-- MATERIAL SHOWN --
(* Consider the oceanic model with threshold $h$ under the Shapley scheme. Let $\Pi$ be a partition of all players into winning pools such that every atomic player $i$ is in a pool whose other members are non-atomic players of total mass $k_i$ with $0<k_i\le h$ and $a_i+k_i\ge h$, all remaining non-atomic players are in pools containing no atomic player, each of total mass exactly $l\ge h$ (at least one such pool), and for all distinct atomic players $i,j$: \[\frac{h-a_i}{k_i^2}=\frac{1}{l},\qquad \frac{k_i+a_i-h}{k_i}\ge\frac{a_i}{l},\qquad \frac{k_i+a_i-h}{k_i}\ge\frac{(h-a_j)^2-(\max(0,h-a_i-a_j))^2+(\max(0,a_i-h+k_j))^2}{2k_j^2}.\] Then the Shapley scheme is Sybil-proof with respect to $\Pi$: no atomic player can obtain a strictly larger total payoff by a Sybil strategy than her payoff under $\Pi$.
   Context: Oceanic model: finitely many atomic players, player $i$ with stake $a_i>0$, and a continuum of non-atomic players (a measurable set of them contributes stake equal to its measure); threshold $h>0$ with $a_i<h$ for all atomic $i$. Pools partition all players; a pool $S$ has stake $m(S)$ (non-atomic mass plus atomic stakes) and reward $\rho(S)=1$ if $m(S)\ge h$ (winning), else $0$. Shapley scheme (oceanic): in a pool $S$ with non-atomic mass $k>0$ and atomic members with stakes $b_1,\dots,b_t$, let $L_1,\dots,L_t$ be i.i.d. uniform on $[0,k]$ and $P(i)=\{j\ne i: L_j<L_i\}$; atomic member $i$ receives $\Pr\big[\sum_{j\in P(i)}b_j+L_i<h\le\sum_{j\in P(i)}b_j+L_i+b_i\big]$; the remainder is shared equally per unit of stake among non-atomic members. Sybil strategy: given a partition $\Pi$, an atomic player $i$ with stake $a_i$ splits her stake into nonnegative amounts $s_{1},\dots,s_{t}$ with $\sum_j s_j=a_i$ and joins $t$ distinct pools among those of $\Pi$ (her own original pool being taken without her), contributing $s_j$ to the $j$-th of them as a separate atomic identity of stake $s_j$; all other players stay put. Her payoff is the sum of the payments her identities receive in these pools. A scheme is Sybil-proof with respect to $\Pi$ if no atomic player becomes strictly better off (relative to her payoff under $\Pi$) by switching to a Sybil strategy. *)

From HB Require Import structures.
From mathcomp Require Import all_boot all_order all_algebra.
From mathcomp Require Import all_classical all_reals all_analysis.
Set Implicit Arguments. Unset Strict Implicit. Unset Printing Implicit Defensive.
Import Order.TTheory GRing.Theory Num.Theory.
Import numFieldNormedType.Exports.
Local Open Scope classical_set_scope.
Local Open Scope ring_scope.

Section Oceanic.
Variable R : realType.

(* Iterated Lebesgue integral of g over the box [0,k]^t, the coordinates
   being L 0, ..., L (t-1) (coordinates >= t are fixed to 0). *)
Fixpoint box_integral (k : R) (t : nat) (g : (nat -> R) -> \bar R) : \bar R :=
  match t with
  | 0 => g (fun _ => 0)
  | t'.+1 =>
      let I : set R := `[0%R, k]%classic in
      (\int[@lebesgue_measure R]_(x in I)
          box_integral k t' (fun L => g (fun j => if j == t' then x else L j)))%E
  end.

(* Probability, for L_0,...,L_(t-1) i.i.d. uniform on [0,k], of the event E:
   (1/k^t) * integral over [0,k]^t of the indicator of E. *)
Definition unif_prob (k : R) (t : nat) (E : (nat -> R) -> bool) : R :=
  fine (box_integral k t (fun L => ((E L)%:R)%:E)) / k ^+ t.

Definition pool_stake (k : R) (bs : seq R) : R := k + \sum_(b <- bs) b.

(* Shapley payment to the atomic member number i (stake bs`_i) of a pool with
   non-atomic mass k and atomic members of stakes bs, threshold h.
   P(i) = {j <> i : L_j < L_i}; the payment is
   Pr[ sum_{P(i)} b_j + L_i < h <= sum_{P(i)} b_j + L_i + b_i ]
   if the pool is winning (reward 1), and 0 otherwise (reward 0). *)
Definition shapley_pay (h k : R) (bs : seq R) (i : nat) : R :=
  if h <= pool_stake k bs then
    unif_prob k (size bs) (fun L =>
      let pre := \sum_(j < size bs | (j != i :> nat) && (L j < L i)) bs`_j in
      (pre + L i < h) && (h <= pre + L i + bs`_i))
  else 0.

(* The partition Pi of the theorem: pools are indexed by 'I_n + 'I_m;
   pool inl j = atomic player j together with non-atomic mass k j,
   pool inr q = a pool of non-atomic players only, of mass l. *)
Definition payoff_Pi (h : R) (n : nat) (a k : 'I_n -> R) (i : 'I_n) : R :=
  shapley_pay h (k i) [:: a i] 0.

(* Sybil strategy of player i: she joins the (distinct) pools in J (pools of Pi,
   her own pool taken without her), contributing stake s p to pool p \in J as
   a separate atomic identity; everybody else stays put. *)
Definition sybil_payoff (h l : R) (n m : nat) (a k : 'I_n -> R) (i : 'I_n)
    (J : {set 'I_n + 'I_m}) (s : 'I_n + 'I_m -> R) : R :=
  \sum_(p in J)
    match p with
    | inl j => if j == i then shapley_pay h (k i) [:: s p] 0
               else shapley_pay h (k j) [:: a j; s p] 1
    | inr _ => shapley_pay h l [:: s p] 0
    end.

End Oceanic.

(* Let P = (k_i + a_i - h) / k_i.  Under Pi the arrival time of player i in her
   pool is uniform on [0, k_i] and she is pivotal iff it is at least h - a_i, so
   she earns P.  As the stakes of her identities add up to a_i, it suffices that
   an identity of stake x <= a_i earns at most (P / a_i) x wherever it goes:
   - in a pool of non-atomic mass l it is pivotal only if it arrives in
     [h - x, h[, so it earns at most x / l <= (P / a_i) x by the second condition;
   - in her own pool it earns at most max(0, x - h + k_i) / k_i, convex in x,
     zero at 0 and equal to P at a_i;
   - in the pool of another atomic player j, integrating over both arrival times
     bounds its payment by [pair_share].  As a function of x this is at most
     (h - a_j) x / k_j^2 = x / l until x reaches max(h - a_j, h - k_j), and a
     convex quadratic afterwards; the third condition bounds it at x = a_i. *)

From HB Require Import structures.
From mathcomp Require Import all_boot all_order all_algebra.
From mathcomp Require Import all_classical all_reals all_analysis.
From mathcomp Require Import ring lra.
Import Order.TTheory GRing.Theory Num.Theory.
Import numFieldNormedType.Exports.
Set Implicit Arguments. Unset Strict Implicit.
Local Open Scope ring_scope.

-- WHAT IS BEING ASKED --
Would you copy out exactly the lines above that start at the one containing "(* Sybil strategy" and end at the one containing "Definition sybil_payoff (h", inclusive?

-- OUTPUT FOR THIS TASK --
(* Sybil strategy of player i: she joins the (distinct) pools in J (pools of Pi,
   her own pool taken without her), contributing stake s p to pool p \in J as
   a separate atomic identity; everybody else stays put. *)
Definition sybil_payoff (h l : R) (n m : nat) (a k : 'I_n -> R) (i : 'I_n)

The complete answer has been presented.